Begin at the line containing "Lemma sum_n_le_Series (a" in the entries below and end at the line containing "(forall n, (n"; transcribe that range exactly and nothing outside it.

=== Begin Enclosure ===

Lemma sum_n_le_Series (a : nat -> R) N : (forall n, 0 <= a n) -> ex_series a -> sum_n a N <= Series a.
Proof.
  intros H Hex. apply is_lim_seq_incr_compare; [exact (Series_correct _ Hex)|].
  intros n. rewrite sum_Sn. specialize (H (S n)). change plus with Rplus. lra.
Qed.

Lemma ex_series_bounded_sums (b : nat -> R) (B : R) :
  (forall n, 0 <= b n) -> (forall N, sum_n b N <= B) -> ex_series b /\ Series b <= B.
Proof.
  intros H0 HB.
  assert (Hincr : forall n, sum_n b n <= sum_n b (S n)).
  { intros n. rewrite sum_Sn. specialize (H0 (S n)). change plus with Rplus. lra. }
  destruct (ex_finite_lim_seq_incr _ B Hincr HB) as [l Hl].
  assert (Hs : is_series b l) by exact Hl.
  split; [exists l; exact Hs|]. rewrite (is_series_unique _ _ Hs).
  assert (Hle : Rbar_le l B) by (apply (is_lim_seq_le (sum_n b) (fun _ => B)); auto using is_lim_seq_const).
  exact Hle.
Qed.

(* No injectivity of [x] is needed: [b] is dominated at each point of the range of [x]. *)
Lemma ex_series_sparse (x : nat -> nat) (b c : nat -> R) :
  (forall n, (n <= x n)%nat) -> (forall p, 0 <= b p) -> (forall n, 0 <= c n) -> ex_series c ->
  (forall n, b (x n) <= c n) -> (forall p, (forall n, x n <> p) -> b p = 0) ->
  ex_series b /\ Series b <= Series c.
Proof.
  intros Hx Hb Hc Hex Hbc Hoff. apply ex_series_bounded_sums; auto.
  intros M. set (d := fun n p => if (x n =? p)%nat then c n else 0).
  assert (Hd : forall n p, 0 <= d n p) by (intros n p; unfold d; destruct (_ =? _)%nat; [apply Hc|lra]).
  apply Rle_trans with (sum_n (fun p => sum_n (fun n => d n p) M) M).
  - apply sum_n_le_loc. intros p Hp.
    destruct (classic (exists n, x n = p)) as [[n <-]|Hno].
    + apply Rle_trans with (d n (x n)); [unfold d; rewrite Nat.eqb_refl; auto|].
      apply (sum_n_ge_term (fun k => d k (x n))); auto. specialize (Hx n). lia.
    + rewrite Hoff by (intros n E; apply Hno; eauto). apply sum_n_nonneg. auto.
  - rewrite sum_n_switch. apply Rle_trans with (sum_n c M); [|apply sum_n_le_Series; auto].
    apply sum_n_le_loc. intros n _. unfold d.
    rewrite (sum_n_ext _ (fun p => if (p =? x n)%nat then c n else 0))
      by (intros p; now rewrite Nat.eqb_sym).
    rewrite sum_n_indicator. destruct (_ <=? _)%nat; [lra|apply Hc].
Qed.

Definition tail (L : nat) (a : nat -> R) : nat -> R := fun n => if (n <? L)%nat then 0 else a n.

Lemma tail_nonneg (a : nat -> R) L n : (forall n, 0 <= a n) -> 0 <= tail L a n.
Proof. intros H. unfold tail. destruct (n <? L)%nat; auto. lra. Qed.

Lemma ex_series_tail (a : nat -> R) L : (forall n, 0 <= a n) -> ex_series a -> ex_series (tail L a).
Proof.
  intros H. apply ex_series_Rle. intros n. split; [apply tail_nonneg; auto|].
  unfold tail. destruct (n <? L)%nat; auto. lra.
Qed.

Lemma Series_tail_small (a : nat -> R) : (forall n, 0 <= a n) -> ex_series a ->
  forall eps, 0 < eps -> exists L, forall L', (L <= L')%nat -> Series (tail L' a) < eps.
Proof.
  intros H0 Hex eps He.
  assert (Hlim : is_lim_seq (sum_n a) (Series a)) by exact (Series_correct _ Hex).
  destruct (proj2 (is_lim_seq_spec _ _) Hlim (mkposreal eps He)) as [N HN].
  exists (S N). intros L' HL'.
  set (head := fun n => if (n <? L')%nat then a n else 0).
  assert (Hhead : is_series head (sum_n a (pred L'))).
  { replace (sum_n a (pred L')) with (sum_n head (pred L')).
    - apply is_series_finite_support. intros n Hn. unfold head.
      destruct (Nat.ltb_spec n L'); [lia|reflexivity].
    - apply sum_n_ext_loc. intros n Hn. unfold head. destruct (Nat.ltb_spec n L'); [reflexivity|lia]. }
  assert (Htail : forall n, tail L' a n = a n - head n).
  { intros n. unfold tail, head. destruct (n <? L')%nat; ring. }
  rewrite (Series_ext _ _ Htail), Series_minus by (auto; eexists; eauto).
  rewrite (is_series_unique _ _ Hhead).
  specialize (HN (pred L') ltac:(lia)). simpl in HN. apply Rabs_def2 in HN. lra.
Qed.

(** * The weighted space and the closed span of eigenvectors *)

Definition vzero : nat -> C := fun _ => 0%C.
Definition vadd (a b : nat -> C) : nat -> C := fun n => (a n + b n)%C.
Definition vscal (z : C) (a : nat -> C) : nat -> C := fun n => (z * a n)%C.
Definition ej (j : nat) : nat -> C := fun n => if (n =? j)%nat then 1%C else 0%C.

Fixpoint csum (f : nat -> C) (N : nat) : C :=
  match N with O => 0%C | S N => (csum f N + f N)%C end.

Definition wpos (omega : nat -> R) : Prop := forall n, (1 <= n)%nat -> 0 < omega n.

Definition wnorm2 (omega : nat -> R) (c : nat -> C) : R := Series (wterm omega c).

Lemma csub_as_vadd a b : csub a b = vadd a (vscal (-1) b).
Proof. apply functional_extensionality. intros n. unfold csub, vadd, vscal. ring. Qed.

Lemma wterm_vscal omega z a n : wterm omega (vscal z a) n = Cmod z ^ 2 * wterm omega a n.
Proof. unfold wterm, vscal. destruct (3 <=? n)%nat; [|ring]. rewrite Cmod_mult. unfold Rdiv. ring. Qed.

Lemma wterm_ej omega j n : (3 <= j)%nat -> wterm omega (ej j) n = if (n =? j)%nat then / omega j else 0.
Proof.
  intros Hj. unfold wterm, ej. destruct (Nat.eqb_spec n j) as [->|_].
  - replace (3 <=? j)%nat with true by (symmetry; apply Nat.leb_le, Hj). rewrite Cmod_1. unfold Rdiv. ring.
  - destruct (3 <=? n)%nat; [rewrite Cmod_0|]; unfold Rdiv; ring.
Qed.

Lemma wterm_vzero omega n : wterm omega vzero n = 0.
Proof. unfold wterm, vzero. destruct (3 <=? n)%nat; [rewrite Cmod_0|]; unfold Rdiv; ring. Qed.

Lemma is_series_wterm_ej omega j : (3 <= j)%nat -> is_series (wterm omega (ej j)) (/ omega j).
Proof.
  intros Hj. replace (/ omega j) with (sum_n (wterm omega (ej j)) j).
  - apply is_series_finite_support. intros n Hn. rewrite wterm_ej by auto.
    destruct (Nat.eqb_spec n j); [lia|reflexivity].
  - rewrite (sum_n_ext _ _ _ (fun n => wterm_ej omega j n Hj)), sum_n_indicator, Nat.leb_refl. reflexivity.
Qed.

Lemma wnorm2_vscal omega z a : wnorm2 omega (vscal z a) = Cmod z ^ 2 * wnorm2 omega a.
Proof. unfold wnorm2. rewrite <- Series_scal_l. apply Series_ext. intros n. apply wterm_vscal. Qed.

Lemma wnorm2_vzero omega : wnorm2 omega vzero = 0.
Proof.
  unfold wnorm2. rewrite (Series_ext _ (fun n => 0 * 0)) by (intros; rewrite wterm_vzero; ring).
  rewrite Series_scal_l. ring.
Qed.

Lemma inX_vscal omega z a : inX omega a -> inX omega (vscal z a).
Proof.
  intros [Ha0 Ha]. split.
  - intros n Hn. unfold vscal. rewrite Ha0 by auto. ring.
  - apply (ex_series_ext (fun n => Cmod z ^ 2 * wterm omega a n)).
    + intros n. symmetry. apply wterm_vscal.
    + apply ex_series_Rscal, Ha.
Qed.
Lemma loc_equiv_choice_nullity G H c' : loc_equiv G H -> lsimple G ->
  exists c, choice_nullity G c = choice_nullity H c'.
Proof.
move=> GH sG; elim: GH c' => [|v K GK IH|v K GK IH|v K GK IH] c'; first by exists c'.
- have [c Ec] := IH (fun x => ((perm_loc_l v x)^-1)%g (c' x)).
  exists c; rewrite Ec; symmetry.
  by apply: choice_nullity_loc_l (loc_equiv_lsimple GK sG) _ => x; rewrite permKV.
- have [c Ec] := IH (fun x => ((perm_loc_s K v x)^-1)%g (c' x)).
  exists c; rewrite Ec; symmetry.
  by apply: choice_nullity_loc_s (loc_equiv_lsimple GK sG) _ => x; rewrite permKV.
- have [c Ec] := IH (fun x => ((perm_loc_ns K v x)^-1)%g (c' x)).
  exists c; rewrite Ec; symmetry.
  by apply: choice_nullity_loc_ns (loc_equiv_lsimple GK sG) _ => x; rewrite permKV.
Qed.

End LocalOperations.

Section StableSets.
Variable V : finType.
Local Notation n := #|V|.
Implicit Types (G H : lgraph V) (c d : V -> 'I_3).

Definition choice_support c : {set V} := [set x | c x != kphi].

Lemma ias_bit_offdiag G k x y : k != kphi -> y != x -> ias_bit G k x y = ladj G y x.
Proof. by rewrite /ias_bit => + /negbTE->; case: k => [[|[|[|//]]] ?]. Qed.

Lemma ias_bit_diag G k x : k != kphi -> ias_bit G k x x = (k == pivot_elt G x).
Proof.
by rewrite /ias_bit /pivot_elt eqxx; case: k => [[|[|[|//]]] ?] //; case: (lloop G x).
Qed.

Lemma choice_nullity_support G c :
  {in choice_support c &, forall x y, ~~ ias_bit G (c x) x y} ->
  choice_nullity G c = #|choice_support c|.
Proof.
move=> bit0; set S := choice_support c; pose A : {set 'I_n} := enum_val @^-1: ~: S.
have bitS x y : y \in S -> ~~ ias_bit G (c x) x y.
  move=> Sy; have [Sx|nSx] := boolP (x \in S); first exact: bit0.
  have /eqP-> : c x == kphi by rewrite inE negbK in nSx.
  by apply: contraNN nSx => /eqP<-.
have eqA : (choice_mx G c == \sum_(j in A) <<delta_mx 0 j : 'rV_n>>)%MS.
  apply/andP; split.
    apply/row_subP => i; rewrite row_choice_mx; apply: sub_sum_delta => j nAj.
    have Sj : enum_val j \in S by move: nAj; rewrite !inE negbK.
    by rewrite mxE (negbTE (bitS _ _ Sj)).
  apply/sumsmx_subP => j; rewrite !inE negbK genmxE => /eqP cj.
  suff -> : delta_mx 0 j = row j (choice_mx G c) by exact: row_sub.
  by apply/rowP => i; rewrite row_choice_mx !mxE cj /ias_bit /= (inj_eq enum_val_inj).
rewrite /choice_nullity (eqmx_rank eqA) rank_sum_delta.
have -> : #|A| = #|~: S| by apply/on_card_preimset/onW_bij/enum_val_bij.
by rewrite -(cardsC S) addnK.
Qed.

=== End Enclosure ===
=== Begin Enclosure ===

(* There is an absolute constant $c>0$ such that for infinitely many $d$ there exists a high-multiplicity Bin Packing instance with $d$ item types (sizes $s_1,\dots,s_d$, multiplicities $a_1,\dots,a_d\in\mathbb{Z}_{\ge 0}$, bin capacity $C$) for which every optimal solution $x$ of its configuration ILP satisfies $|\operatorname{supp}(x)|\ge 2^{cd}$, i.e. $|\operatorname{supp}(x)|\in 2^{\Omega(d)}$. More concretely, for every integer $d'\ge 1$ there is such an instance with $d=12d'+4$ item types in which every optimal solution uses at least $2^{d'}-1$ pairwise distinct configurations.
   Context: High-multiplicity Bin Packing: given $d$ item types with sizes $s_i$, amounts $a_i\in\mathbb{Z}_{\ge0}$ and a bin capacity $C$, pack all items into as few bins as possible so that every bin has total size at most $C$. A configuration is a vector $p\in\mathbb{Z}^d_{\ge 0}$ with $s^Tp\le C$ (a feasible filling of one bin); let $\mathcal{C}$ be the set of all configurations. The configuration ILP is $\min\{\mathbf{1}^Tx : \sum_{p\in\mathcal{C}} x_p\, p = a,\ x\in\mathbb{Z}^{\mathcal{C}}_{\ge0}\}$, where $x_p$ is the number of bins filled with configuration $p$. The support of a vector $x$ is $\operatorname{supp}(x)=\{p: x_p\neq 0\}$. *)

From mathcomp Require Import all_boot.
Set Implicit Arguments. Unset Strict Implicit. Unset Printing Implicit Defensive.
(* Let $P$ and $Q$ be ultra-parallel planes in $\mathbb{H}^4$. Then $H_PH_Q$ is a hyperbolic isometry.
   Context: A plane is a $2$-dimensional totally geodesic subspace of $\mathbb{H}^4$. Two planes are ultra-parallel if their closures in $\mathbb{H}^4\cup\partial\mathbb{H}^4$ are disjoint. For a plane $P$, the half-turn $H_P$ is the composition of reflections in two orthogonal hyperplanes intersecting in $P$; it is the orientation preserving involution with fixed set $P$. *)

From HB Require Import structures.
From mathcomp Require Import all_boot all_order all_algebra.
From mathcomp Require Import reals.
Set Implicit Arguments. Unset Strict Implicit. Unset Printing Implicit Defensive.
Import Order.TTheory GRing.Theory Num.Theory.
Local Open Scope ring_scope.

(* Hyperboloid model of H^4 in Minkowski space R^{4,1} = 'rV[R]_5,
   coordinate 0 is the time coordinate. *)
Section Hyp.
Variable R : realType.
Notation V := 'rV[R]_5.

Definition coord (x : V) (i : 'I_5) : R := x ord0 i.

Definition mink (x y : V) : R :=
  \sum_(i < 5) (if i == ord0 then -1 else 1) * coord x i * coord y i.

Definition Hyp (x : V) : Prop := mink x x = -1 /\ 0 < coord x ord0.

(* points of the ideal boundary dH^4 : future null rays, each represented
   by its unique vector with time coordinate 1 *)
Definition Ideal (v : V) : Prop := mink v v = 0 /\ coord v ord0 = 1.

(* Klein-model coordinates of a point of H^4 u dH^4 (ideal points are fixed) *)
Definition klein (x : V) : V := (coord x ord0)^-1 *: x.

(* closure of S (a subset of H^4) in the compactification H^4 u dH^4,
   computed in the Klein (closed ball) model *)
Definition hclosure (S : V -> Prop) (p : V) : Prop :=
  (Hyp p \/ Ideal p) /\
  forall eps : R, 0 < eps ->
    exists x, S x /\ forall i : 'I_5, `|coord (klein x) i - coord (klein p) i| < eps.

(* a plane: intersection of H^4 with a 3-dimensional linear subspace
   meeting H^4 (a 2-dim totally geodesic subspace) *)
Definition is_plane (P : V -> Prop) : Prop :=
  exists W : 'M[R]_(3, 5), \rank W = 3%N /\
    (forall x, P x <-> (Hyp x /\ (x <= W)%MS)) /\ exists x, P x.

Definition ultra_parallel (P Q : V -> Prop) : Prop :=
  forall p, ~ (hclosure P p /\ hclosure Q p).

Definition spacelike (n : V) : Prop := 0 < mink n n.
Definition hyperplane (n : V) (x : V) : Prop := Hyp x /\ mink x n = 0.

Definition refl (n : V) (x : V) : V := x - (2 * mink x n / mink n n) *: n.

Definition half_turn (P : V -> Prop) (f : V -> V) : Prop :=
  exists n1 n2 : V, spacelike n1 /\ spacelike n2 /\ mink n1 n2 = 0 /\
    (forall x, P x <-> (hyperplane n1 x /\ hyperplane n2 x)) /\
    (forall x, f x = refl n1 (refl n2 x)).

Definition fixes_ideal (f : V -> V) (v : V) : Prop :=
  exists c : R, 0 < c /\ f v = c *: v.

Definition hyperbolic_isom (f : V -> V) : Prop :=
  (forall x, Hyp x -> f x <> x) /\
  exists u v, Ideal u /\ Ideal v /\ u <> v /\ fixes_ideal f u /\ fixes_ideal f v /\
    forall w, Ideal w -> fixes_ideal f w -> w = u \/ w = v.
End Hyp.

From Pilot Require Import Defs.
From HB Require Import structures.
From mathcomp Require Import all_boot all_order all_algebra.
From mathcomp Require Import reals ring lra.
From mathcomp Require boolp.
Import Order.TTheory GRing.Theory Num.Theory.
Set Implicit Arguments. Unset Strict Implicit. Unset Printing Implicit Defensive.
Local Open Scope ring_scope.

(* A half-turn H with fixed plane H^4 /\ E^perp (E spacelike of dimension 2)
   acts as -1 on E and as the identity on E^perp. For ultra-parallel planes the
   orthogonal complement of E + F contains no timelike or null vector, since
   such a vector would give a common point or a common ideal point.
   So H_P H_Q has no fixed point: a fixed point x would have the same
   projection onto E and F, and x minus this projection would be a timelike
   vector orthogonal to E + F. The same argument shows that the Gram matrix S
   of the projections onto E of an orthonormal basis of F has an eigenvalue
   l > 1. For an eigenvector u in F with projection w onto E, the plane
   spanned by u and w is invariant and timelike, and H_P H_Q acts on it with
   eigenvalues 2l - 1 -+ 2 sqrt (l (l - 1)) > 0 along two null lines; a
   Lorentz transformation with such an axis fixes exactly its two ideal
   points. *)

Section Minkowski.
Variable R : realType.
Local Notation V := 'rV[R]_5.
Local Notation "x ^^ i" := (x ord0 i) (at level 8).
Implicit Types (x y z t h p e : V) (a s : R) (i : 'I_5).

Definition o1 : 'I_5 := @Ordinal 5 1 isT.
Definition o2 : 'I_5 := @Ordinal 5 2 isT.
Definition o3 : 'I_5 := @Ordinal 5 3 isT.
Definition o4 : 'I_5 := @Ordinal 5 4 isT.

=== End Enclosure ===

Solution to this problem
Lemma sum_n_le_Series (a : nat -> R) N : (forall n, 0 <= a n) -> ex_series a -> sum_n a N <= Series a.
Proof.
  intros H Hex. apply is_lim_seq_incr_compare; [exact (Series_correct _ Hex)|].
  intros n. rewrite sum_Sn. specialize (H (S n)). change plus with Rplus. lra.
Qed.

Lemma ex_series_bounded_sums (b : nat -> R) (B : R) :
  (forall n, 0 <= b n) -> (forall N, sum_n b N <= B) -> ex_series b /\ Series b <= B.
Proof.
  intros H0 HB.
  assert (Hincr : forall n, sum_n b n <= sum_n b (S n)).
  { intros n. rewrite sum_Sn. specialize (H0 (S n)). change plus with Rplus. lra. }
  destruct (ex_finite_lim_seq_incr _ B Hincr HB) as [l Hl].
  assert (Hs : is_series b l) by exact Hl.
  split; [exists l; exact Hs|]. rewrite (is_series_unique _ _ Hs).
  assert (Hle : Rbar_le l B) by (apply (is_lim_seq_le (sum_n b) (fun _ => B)); auto using is_lim_seq_const).
  exact Hle.
Qed.

(* No injectivity of [x] is needed: [b] is dominated at each point of the range of [x]. *)
Lemma ex_series_sparse (x : nat -> nat) (b c : nat -> R) :
  (forall n, (n <= x n)%nat) -> (forall p, 0 <= b p) -> (forall n, 0 <= c n) -> ex_series c ->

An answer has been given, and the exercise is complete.